Lo he dicho, las acaban de colgar en Filmin, y ningún cinéfilo debería perderse dos películas como Yo maté a mi madre y Los amores imaginarios. La primera es una aproximación, que el propio director considera semiautobiográfica, a su relación con su madre. Protagonizada por el propio Dolan, es una versión libérrima de Los 400 golpes en la que se cuenta algo tan sencillo como qué sucede cuando una persona extraordinaria tiene una madre de una mediocridad lacerante. No solo eso, también la complejidad de las relaciones entre padres e hijos, esa madre a la que el protagonista "no puede querer pero tampoco dejar de querer", una situación imposible que todo el mundo ha conocido alguna vez. Todo ello lo explica el director mediante unos diálogos vivaces y elocuentes en los que a veces se deja llevar por su facilidad para resultar ingenioso pero que deslumbran en casi todo momento por la aparente facilidad con la que parece captar esa encrucijada.
Retrato demoledor de la clase media que no evita un cierto sano esnobismo, Dolan se convierte a sí mismo en una reencarnación del adolescente airado con peinado a lo James Dean para llegar a una conclusión demoledora y poco transitada por el cine, hay gente que no ha nacido para tener hijos y nunca debería haberlos tenido. Esa madre que Dolan retrata con ternura y displicencia se convierte en el símbolo de una clase media occidental anestesiada por la televisión y la cultura basura a la que Dolan reprocha, de forma furiosa, su falta de implicación en el mundo real, su burdo consumismo, su estúpida incultura. Es una película furiosa, tremendamente emotiva, muy atenta como todo su cine a los detalles (Dolan también diseña el vestuario y lo hace muy bien) que acaba reflejando con pasmosa profundidad el callejón sin salida al que se ve abocado ese chico que no puede ni dejar de querer a su madre ni tampoco quererla.

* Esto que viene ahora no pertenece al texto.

(* Let $X,Y$ be compact metric spaces, $d$ the metric on $X$, and let $\phi:\mathrm{M}_m(\mathrm{C}(X))\to\mathrm{M}_{nm}(\mathrm{C}(Y))$ be a diagonal $*$-homomorphism with eigenvalue maps $\lambda_1,\dots,\lambda_n:Y\to X$, i.e. $\phi(f)=\mathrm{diag}(f\circ\lambda_1,\dots,f\circ\lambda_n)$ with each $f\circ\lambda_s$ an $m\times m$ block. Let $\epsilon>0$, $f\in\mathrm{M}_m(\mathrm{C}(X))$, and choose $\eta>0$ such that $\|f(x)-f(y)\|<\epsilon$ whenever $d(x,y)<2\eta$. Let $U$ be the open ball of radius $\eta$ centred at $x_0\in X$ and suppose that $Y=\lambda_1^{-1}(U)\cup\cdots\cup\lambda_n^{-1}(U)$. Then there exist a unitary $u\in\mathrm{M}_{nm}(\mathrm{C}(Y))$ and an element $b\in\mathrm{M}_{nm-m}(\mathrm{C}(Y))$ such that \[ \Big\|u\,\phi(f)\,u^*-\begin{pmatrix} f(x_0)&0\\0&b\end{pmatrix}\Big\|<\epsilon, \] where $f(x_0)\in\mathrm{M}_m$ is regarded as a constant function. *)

From HB Require Import structures.
From mathcomp Require Import all_boot all_order all_algebra.
From mathcomp Require Import all_classical all_reals all_analysis.
From mathcomp Require Import complex.

Set Implicit Arguments.
Unset Strict Implicit.
Unset Printing Implicit Defensive.

Import Order.TTheory GRing.Theory Num.Theory.
Import numFieldTopology.Exports.
Local Open Scope classical_set_scope.
Local Open Scope ring_scope.

Section Defs.
Variable R : realType.

Definition cabs2 (z : R[i]) : R := complex.Re z ^+ 2 + complex.Im z ^+ 2.

Definition vnorm k (v : 'cV[R[i]]_k) : R := Num.sqrt (\sum_(i < k) cabs2 (v i ord0)).
Lemma ser_upto_spec (P D : list Q) n : ~ Qeq (List.nth 0 D q0) q0 ->
  forall t, (t <= n)%N ->
  \sum_(i < t.+1) Q2R (List.nth i D q0) * Q2R (List.nth (t - i) (ser_upto P D n) q0)
    = Q2R (List.nth t P q0).
Proof.
move=> hD0; have hd0 := Q2R_neq0 hD0.
elim: n => [|n IH] t ht.
  rewrite leqn0 in ht; move/eqP: ht => ->.
  by rewrite big_ord1 /= Q2R_div // RdivE mulrC divfK.
set cs := ser_upto P D n.
have hl : length cs = n.+1 by exact: length_ser_upto.
have nth_cs y j : (j < length cs)%N -> List.nth j (cs ++ y) q0 = List.nth j cs q0.
  by move=> hj; rewrite List.app_nth1 //; apply/ssrnat.ltP.
pose c := Qdiv (Qminus (List.nth n.+1 P q0) (List.fold_right Qplus q0
  (List.map (fun i => Qmult (List.nth i D q0) (List.nth (n.+1 - i) cs q0)) (List.seq 1 n.+1))))
  (List.nth 0 D q0).
change (ser_upto P D n.+1) with (cs ++ cons c nil).
case: (leqP t n) => htn.
  rewrite -(IH t htn); apply: eq_bigr => i _; rewrite nth_cs // hl ltnS.
  exact: leq_trans (leq_subr _ _) htn.
have -> : t = n.+1 by apply/eqP; rewrite eqn_leq ht htn.
rewrite big_ord_recl subn0 -hl List.app_nth2 // Nat.sub_diag /= hl.
rewrite /c Q2R_div // Q2R_minus Q2R_fold_plus RdivE RminusE.
set S := \sum_(i <- _) _.
have -> : S = \sum_(i < n.+1) Q2R (List.nth (bump 0 i) D q0) *
      Q2R (List.nth (n.+1 - bump 0 i) (cs ++ cons c nil) q0).
  rewrite /S -[List.seq 1 n.+1]/(iota (1 + 0) n.+1) iotaDl big_map.
  rewrite -[iota 0 n.+1]/(index_iota 0 n.+1) big_mkord.
  apply: eq_bigr => i _; rewrite Q2R_mult add1n subSS nth_cs // hl ltnS.
  exact: leq_subr.
by rewrite mulrC divfK //; ring.
Qed.
(* Let $d\ge 1$ and $1\le p<q<\infty$. Then the discrete Morrey space $\ell^p_q(\mathbb{Z}^d)$ satisfies $$C_{\rm NJ}(\ell^p_q)=C_{\rm J}(\ell^p_q)=2\quad\text{and}\quad C_{\rm DW}(\ell^p_q)=4.$$
   Context: Let $\omega:=\mathbb{N}\cup\{0\}$. For $m\in\mathbb{Z}^d$ and $N\in\omega$ let $S_{m,N}:=\{k\in\mathbb{Z}^d:\|k-m\|_\infty\le N\}$, where $\|(k_1,\dots,k_d)\|_\infty=\max_i|k_i|$; its cardinality is $|S_{m,N}|=(2N+1)^d$. For $1\le p\le q<\infty$, the discrete Morrey space $\ell^p_q=\ell^p_q(\mathbb{Z}^d)$ is the Banach space of all functions $x:\mathbb{Z}^d\to\mathbb{R}$ with $$\|x\|_{\ell^p_q}:=\sup_{m\in\mathbb{Z}^d,\,N\in\omega}|S_{m,N}|^{\frac1q-\frac1p}\Big(\sum_{k\in S_{m,N}}|x(k)|^p\Big)^{1/p}<\infty.$$ For a Banach space $X$: the von Neumann–Jordan constant is $C_{\rm NJ}(X):=\sup\Big\{\frac{\|x+y\|_X^2+\|x-y\|_X^2}{2(\|x\|_X^2+\|y\|_X^2)}: x,y\in X\setminus\{0\}\Big\}$; the James constant is $C_{\rm J}(X):=\sup\{\min\{\|x+y\|_X,\|x-y\|_X\}: x,y\in X,\ \|x\|_X=\|y\|_X=1\}$; the Dunkl–Williams constant is $C_{\rm DW}(X):=\sup\Big\{\frac{\|x\|_X+\|y\|_X}{\|x-y\|_X}\Big\|\frac{x}{\|x\|_X}-\frac{y}{\|y\|_X}\Big\|_X: x,y\in X,\ x\neq0,\ y\neq0,\ x\neq y\Big\}$. *)

From Stdlib Require Import Reals List ZArith Classical ClassicalEpsilon.
Import ListNotations.
Open Scope R_scope.

Definition Zd (d : nat) : Type := { l : list Z | length l = d }.

Fixpoint pad (d : nat) (l : list Z) : list Z :=
  match d with
  | O => []
  | S d' => hd 0%Z l :: pad d' (tl l)
  end.

Lemma pad_length (d : nat) (l : list Z) : length (pad d l) = d.
Proof. revert l; induction d as [|d IH]; intro l; simpl; [reflexivity | now rewrite IH]. Qed.

Definition to_Zd (d : nat) (l : list Z) : Zd d := exist _ (pad d l) (pad_length d l).

(* Enumeration of the cube S_{m,N} = {k : ||k - m||_inf <= N} (without repetitions). *)
Fixpoint cube (m : list Z) (N : nat) : list (list Z) :=
  match m with
  | [] => [ [] ]
  | a :: m' =>
      flat_map (fun j => map (cons j) (cube m' N))
               (map (fun i => (a - Z.of_nat N + Z.of_nat i)%Z) (seq 0 (2 * N + 1)))
  end.

(* Real power a^b for a >= 0 (with 0^b = 0, used only for b > 0). *)
Definition rpow (a b : R) : R := if Rlt_dec 0 a then Rpower a b else 0.

Definition morrey_term (d : nat) (p q : R) (x : Zd d -> R) (m : Zd d) (N : nat) : R :=
  Rpower (INR ((2 * N + 1) ^ d)) (1 / q - 1 / p) *
  rpow (fold_right Rplus 0
          (map (fun k => rpow (Rabs (x (to_Zd d k))) p) (cube (proj1_sig m) N)))
       (1 / p).

Definition morrey_set (d : nat) (p q : R) (x : Zd d -> R) (r : R) : Prop :=
  exists (m : Zd d) (N : nat), r = morrey_term d p q x m N.

Definition in_morrey (d : nat) (p q : R) (x : Zd d -> R) : Prop :=
  exists M, forall (m : Zd d) (N : nat), morrey_term d p q x m N <= M.

Definition Rsup (E : R -> Prop) : R :=
  epsilon (inhabits 0) (fun s => is_lub E s).

Definition morrey_norm (d : nat) (p q : R) (x : Zd d -> R) : R :=
  Rsup (morrey_set d p q x).

Definition fadd {d} (x y : Zd d -> R) : Zd d -> R := fun k => x k + y k.
Definition fsub {d} (x y : Zd d -> R) : Zd d -> R := fun k => x k - y k.
Definition fscal {d} (c : R) (x : Zd d -> R) : Zd d -> R := fun k => c * x k.
Definition fzero {d} : Zd d -> R := fun _ => 0.

(* Sets whose suprema are the von Neumann-Jordan, James and Dunkl-Williams constants. *)
Definition NJ_set (d : nat) (p q : R) (r : R) : Prop :=
  exists x y : Zd d -> R,
    in_morrey d p q x /\ in_morrey d p q y /\ x <> fzero /\ y <> fzero /\
    r = (morrey_norm d p q (fadd x y) ^ 2 + morrey_norm d p q (fsub x y) ^ 2)
        / (2 * (morrey_norm d p q x ^ 2 + morrey_norm d p q y ^ 2)).
(* Let $G$ be a $3$-edge-colorable cubic graph of order $2n\geq 8$. Then $\chi'_{[n-1]}(G)=4$.
   Context: All graphs are finite, simple (no loops, no parallel edges), connected and cubic. For a positive integer $k$, a $[k]$-matching of $G$ is a matching of $G$ with exactly $k$ edges. The excessive $[k]$-index $\chi'_{[k]}(G)$ is the minimum number of $[k]$-matchings of $G$ whose union is $E(G)$; if some edge of $G$ lies in no $[k]$-matching, one sets $\chi'_{[k]}(G)=\infty$. *)

(* A finite simple graph is a symmetric irreflexive relation
   [g : rel T] on a finite type [T]; an edge is the 2-element vertex set {x,y}. *)
From HB Require Import structures.
From mathcomp Require Import all_boot.
Set Implicit Arguments. Unset Strict Implicit. Unset Printing Implicit Defensive.

Section Graphs.
Variable T : finType.
Implicit Types (g : rel T).

Definition simple_graph g := symmetric g /\ irreflexive g.

Definition edges g : {set {set T}} :=
  [set [set x; y] | x in T, y in T & g x y].

Definition connected_graph g := forall x y : T, connect g x y.

Definition cubic g := forall x : T, #|[set y | g x y]| = 3.

Definition matching g (M : {set {set T}}) := M \subset edges g /\ trivIset M.

Definition kmatching g k (M : {set {set T}}) := matching g M /\ #|M| = k.

Definition kcover g k m :=
  exists s : seq {set {set T}},
    size s = m /\ (forall M, M \in s -> kmatching g k M) /\
    \bigcup_(M <- s) M = edges g.

(* chi'_[k](G) = m  (m finite): m is the minimum number of [k]-matchings
   whose union is E(G).  If no such cover exists, chi'_[k](G) = infinity,
   and this predicate is false for every m. *)
Definition excessive_index_eq g k m :=
  kcover g k m /\ forall m', m' < m -> ~ kcover g k m'.

Definition three_edge_colorable g :=
  exists c : {set T} -> 'I_3,
    forall e1 e2, e1 \in edges g -> e2 \in edges g -> e1 != e2 ->
      ~~ [disjoint e1 & e2] -> c e1 != c e2.
End Graphs.

(* Fix a proper 3-edge-colouring; its colour classes C0, C1, C2 are perfect
   matchings with n edges each, so |E(G)| = 3n.
   - Lower bound: m [n-1]-matchings cover at most m(n-1) < 3n edges if m <= 3.
   - Upper bound: C0 - f0, C1 - e1, C2 - e2 are [n-1]-matchings, so it is
     enough to find one more [n-1]-matching through f0, e1 and e2.  Call a
     vertex u twisted when its colour-1 mate differs from the colour-2 mate of
     its colour-0 mate v.  If no vertex were twisted, the three mate
     involutions would form a Klein four-group and {u, v, mate1 u, mate2 u}
     would be a whole component, contradicting connectivity and |V| > 4.  At a
     twisted u, the edges e1 = u.mate1(u) and e2 = v.mate2(v) are disjoint;
     removing from C0 the (at most 3) edges meeting them and adding e1, e2
     gives a matching with at least n-1 edges, from which we extract an
     [n-1]-matching containing e1, e2 and a surviving edge f0 of C0. *)

From mathcomp Require Import all_boot.
From mathcomp Require Import zify.
Set Implicit Arguments. Unset Strict Implicit. Unset Printing Implicit Defensive.
Lemma Ssum_decay_step a s d A n :
  0 <= d -> d < s -> 0 < a <= 1 -> 2 / a <= A ->
  2 * (s - d) / a <= Rpower (INR (S n)) (1 - d) ->
  Ssum a s d (S n) <= A * Rpower (INR (S n)) (- (s - d)) ->
  Ssum a s d (S (S n)) <= A * Rpower (INR (S (S n))) (- (s - d)).
Proof.
  intros. rewrite Ssum_succ, (S_INR (S n)).
  apply decay_step; auto using INR_S_ge1.
Qed.

Lemma Aconst_ge_l a s d : Rpower 2 s * (1 + 2 / a) <= Aconst a s d.
Proof.
  unfold Aconst. apply Rmult_le_compat_l; [left; apply Rpower_pos | apply Rmax_l].
Qed.

Lemma Aconst_lt1 a s d : s < 1 ->
  Rpower 2 s * (1 + 2 * (s - d) / (a * (1 - s))) <= Aconst a s d.
Proof.
  intro Hs. unfold Aconst.
  destruct (Rlt_dec 1 s); [lra|]. destruct (Req_EM_T s 1); [lra|].
  apply Rmult_le_compat_l; [left; apply Rpower_pos | apply Rmax_r].
Qed.

Lemma Aconst_eq1 a d :
  Aconst a 1 d = 2 * Rmax (1 + 2 / a) (1 + 2 / a * ln (2 * (1 - d) / a)).
Proof.
  unfold Aconst. destruct (Rlt_dec 1 1); [lra|]. destruct (Req_EM_T 1 1); [|lra].
  rewrite Rpower_1 by lra. reflexivity.
Qed.

Lemma Aconst_gt1 a s d : 1 < s ->
  Rpower 2 s * (1 + / (s - 1) * Rpower (2 * (s - d) / a) ((s - d) / (1 - d)))
  <= Aconst a s d.
Proof.
  intro Hs. unfold Aconst. destruct (Rlt_dec 1 s); [|lra].
  apply Rmult_le_compat_l; [left; apply Rpower_pos | apply Rmax_r].
Qed.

Los amores imaginarios nos traslada a un terreno más genuinamente francés. Dice Dolan que todas sus películas tratan sobre amores imposibles, la primera entre un hijo y su madre, la última entre un transexual y su novia y ésta que ahora comentamos entre una pareja de amigos y un atractivo y misterioso joven que enamora a ambos. El director explora en esta ocasión directamente ese sentimiento de pérdida y desamor, la tragedia que supone siempre amar y no ser correspondido. Él mismo interpreta a un homosexual sensible y cultivado y su composición del personaje femenino, esa chica no especialmente guapa pero tampoco fea, culta y sofisticada, que va vestida de forma vintage y abundante en Malasaña, es memorable. El seductor, un manipulador nato que esconde detrás de su aparente ingenuidad probablemente una insufrible banalidad, es otro de los grandes personajes del director que termina la película con un giro irónico en el que además de evitar la moraleja facilona se muestra una vez más como un socarrón a la altura de Fassbinder.